Records from a dataset:
>>>
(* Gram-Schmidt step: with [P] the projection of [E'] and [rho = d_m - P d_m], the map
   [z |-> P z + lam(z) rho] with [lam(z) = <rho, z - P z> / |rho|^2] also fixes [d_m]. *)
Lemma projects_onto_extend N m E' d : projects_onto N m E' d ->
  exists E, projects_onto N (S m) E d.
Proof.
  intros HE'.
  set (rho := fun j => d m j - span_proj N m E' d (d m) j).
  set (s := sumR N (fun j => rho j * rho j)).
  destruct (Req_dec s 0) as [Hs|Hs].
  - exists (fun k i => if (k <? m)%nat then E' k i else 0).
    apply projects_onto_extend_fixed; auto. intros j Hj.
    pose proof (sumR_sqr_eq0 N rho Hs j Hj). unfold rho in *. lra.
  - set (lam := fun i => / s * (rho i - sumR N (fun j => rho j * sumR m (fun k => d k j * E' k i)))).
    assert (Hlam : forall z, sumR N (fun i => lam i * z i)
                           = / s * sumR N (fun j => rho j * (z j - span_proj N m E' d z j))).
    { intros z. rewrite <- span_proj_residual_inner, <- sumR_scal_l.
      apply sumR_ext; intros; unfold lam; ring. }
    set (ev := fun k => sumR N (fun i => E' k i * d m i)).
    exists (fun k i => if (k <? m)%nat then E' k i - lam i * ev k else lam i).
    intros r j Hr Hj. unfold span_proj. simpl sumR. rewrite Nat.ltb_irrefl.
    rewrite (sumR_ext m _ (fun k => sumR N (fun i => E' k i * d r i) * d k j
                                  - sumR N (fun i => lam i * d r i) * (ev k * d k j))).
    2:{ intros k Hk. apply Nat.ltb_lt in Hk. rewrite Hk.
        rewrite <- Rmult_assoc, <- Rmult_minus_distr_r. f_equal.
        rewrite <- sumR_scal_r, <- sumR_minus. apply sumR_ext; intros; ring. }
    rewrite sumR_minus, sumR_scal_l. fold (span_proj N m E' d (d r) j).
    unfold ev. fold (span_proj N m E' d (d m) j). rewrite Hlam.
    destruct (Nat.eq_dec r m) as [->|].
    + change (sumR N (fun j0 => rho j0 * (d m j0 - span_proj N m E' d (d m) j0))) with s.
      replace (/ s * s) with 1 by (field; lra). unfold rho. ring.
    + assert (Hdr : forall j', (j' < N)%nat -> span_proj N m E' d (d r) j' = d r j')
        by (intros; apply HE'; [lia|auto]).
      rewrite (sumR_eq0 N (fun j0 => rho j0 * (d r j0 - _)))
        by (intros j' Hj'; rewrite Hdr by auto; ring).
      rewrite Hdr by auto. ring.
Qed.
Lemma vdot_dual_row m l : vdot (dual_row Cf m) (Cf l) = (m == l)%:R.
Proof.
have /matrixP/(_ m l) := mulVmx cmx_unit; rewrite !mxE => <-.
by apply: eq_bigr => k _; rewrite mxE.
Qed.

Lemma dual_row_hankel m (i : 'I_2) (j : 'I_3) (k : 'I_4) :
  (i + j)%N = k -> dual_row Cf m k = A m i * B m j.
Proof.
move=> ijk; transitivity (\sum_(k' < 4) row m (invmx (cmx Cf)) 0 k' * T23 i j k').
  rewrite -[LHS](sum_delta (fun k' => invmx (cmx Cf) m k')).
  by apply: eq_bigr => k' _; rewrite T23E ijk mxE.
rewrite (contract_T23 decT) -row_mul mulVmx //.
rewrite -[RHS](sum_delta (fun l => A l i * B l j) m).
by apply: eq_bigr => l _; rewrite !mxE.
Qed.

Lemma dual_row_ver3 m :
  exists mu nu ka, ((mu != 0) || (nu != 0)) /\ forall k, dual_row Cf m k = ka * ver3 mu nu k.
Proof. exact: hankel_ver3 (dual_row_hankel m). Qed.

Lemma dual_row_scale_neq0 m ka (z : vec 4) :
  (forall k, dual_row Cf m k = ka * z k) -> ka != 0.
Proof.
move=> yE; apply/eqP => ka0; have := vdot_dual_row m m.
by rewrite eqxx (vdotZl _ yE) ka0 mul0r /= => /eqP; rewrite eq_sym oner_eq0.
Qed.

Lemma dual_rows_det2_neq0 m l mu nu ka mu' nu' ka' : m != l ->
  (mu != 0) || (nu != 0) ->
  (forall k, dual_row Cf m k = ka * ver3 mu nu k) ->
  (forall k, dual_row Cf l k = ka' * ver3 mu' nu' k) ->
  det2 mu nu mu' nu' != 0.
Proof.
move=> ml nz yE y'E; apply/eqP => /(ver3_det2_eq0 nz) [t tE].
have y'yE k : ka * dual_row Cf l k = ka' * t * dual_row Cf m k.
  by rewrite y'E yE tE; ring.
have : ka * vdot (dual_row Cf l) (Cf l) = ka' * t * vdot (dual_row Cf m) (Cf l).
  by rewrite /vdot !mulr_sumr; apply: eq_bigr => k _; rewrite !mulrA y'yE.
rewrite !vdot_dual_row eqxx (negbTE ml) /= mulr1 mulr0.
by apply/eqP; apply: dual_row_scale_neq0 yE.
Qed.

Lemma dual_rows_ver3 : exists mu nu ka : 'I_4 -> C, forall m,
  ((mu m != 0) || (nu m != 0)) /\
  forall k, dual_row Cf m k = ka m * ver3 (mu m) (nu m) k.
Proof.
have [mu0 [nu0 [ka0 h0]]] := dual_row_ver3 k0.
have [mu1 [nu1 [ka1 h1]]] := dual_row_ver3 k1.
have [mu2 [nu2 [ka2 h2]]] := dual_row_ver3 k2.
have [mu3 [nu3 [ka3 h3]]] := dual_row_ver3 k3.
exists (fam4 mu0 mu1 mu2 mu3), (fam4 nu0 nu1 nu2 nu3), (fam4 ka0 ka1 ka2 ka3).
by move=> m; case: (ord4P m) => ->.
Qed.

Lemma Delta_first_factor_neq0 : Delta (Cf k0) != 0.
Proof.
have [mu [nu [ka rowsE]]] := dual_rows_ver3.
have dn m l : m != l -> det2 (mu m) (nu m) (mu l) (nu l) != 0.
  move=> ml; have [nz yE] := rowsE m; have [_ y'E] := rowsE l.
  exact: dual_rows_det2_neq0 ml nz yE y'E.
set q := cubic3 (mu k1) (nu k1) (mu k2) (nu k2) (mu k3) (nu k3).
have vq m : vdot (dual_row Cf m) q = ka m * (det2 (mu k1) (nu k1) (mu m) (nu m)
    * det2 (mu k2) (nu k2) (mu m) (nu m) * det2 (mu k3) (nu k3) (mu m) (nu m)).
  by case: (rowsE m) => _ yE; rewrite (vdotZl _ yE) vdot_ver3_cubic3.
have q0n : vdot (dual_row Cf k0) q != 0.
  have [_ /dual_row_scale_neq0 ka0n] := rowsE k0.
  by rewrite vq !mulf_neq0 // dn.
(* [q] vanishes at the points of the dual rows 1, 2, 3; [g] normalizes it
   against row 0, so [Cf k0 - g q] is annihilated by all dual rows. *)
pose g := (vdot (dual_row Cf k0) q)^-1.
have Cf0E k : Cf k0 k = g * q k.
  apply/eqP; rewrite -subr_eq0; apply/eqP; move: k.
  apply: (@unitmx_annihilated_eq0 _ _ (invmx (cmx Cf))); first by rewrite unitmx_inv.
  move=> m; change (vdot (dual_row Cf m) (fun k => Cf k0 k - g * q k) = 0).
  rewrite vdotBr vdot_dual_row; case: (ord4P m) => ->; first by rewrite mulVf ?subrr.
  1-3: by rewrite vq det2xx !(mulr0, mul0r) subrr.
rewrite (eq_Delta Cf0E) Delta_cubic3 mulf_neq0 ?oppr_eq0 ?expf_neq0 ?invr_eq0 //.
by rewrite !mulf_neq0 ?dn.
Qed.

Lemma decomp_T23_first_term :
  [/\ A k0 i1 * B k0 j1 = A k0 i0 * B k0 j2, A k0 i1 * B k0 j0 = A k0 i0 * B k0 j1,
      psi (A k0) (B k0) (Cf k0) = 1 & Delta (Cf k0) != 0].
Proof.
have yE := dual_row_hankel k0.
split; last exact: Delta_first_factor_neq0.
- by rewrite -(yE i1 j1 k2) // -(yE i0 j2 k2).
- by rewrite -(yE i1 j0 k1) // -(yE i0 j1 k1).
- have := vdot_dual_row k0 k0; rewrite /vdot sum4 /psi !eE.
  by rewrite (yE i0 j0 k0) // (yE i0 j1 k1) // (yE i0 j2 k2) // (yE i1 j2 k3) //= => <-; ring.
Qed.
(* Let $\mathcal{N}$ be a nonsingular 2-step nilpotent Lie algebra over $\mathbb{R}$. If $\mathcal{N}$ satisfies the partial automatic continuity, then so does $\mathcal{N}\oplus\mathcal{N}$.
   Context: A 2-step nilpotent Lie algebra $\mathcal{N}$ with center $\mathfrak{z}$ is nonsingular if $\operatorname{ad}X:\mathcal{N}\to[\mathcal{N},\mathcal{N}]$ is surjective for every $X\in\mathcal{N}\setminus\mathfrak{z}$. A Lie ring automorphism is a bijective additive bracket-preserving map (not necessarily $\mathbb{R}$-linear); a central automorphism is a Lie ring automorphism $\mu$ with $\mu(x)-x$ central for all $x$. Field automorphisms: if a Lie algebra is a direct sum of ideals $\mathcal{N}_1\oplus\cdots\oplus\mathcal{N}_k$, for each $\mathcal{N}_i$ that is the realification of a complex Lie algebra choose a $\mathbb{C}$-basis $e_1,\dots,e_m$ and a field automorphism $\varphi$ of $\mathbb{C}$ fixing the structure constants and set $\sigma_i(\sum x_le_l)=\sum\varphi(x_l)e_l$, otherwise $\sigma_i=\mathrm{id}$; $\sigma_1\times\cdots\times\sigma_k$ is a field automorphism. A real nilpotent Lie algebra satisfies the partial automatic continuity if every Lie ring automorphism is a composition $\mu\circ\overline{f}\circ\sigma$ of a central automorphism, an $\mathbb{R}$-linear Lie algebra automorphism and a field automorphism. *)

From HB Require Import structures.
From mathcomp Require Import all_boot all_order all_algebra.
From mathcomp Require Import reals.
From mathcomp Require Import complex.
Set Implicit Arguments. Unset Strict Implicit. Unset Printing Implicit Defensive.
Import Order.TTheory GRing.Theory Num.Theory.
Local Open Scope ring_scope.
<<<
What to work on => Whenever the string "change" shows up in a line of the records, copy that line.

The answer =>
    + change (sumR N (fun j0 => rho j0 * (d m j0 - span_proj N m E' d (d m) j0))) with s.
  move=> m; change (vdot (dual_row Cf m) (fun k => Cf k0 k - g * q k) = 0).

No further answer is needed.